*** Opening Dataset entries ***

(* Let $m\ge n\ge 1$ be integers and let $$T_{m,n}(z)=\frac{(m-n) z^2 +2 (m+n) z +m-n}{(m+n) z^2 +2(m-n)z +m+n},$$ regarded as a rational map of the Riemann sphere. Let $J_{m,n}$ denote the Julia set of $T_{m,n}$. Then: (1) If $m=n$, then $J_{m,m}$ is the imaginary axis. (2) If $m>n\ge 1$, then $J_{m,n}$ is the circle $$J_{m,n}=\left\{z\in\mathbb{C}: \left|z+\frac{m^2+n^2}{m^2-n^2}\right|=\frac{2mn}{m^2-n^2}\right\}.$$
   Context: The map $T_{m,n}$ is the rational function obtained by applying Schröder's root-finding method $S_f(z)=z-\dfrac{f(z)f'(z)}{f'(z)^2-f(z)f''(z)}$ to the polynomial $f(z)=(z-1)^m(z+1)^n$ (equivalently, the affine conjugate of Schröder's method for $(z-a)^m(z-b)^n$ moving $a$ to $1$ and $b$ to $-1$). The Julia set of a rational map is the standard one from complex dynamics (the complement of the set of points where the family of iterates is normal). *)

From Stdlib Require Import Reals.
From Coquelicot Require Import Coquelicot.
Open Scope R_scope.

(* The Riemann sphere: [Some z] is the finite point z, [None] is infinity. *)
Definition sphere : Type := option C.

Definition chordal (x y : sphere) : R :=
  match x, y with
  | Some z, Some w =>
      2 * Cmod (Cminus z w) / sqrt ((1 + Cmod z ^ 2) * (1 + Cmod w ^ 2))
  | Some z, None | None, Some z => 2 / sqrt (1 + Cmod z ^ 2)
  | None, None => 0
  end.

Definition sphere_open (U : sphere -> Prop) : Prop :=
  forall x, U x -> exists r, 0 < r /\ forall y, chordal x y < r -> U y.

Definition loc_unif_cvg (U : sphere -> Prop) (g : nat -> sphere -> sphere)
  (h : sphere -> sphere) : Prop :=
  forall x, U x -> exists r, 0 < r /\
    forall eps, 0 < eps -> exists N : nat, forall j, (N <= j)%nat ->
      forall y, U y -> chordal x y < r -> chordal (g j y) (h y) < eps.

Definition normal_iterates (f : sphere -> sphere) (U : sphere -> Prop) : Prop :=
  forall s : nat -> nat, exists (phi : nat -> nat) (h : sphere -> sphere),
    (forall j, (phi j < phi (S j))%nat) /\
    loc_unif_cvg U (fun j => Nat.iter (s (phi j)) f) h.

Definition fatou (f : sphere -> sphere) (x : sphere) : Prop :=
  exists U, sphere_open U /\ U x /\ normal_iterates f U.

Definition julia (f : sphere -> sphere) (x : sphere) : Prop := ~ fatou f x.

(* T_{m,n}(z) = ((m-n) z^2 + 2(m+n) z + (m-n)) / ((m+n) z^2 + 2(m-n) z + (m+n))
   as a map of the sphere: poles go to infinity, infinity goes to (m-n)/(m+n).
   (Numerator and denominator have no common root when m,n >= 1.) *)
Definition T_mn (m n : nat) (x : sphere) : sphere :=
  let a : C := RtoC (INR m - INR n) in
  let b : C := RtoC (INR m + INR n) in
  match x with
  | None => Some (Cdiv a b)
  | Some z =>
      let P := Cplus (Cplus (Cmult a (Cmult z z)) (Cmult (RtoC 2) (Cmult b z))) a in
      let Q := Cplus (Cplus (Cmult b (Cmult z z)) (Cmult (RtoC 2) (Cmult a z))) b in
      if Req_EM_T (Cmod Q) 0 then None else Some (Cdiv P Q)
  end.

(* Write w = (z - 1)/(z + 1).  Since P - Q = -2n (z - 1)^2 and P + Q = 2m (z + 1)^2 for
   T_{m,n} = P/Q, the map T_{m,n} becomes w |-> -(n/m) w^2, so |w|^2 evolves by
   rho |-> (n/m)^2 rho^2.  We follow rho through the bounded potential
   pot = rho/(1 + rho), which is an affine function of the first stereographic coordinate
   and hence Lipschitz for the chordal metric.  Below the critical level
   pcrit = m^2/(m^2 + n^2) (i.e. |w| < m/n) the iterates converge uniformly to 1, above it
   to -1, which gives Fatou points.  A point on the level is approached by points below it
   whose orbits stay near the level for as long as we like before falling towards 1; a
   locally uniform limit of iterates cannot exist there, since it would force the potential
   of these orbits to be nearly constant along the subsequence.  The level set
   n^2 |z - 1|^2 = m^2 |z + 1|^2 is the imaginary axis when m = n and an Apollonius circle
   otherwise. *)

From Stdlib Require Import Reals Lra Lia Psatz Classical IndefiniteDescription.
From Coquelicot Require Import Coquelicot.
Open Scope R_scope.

*** Closing Dataset entries ***
*** Opening Dataset entries ***

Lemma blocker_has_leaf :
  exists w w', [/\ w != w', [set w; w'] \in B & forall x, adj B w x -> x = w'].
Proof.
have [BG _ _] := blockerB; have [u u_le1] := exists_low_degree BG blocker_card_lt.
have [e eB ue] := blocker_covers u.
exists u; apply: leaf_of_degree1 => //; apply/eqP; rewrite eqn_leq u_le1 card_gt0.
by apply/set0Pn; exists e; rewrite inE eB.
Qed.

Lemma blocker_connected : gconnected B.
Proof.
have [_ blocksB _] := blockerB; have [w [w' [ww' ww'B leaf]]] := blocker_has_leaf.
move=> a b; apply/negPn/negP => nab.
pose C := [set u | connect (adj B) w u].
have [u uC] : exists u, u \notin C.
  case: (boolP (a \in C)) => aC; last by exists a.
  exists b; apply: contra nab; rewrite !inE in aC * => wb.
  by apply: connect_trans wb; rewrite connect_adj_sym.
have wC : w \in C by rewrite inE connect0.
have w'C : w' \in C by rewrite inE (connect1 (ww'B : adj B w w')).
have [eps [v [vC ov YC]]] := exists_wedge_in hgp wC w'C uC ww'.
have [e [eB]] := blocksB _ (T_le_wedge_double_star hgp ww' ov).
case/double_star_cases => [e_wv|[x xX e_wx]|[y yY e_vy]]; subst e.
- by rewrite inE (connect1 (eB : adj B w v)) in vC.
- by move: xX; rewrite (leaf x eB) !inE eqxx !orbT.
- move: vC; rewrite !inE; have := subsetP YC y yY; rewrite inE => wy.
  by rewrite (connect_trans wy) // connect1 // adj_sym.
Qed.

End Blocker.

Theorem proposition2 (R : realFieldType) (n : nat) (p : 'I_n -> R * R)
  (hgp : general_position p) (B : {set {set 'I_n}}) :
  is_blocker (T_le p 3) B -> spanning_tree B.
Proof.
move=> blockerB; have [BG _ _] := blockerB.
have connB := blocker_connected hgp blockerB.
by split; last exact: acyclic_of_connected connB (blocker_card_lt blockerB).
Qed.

*** Closing Dataset entries ***
*** Opening Dataset entries ***

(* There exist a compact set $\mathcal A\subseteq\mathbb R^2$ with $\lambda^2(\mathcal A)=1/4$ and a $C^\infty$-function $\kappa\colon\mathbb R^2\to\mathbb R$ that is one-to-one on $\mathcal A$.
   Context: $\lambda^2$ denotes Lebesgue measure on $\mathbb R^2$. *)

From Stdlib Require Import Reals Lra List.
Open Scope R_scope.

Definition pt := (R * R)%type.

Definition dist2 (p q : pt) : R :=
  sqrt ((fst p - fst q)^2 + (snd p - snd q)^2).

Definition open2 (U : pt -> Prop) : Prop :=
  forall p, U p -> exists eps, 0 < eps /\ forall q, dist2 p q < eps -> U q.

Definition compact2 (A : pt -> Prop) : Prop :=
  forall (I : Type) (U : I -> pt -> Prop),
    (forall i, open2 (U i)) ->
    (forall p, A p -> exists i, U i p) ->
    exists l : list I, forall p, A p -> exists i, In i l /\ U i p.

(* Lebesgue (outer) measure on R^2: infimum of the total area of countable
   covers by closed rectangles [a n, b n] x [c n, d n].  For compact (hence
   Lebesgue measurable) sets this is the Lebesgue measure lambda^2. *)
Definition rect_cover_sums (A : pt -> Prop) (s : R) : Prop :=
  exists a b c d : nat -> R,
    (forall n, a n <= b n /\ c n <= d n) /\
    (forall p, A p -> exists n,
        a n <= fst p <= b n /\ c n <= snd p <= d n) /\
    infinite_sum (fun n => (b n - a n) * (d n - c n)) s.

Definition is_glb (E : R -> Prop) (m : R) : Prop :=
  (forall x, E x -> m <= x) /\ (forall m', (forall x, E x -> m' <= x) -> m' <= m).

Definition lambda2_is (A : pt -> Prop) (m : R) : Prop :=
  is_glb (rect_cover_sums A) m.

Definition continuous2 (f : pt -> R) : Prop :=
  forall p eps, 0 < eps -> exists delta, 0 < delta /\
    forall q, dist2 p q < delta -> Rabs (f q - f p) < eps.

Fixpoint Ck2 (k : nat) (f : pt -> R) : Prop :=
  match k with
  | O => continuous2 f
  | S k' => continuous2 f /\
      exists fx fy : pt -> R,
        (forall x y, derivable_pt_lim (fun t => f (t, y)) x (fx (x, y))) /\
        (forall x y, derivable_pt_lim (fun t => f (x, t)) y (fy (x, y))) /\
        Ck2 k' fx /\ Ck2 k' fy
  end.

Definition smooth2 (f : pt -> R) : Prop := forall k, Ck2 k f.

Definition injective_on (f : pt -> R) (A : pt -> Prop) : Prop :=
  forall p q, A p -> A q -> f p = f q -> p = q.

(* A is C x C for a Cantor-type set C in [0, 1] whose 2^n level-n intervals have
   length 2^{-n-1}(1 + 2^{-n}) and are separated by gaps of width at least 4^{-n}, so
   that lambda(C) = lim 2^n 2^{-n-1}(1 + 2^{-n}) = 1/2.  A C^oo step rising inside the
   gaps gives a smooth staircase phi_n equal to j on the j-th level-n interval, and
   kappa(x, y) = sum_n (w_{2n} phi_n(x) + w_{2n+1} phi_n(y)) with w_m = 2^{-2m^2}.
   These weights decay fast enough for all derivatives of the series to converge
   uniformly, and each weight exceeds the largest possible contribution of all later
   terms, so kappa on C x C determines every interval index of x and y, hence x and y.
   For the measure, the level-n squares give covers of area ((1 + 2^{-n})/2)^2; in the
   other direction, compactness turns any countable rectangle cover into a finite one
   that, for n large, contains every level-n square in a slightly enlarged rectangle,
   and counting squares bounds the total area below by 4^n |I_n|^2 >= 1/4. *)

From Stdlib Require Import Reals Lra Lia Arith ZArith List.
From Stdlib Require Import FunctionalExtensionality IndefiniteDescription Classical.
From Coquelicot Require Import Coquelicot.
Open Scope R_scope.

*** Closing Dataset entries ***

### Problem
Out of the preceding entries, pull each line that contains the word "which".

### Solution to the exercise
   pot = rho/(1 + rho), which is an affine function of the first stereographic coordinate
   to -1, which gives Fatou points.  A point on the level is approached by points below it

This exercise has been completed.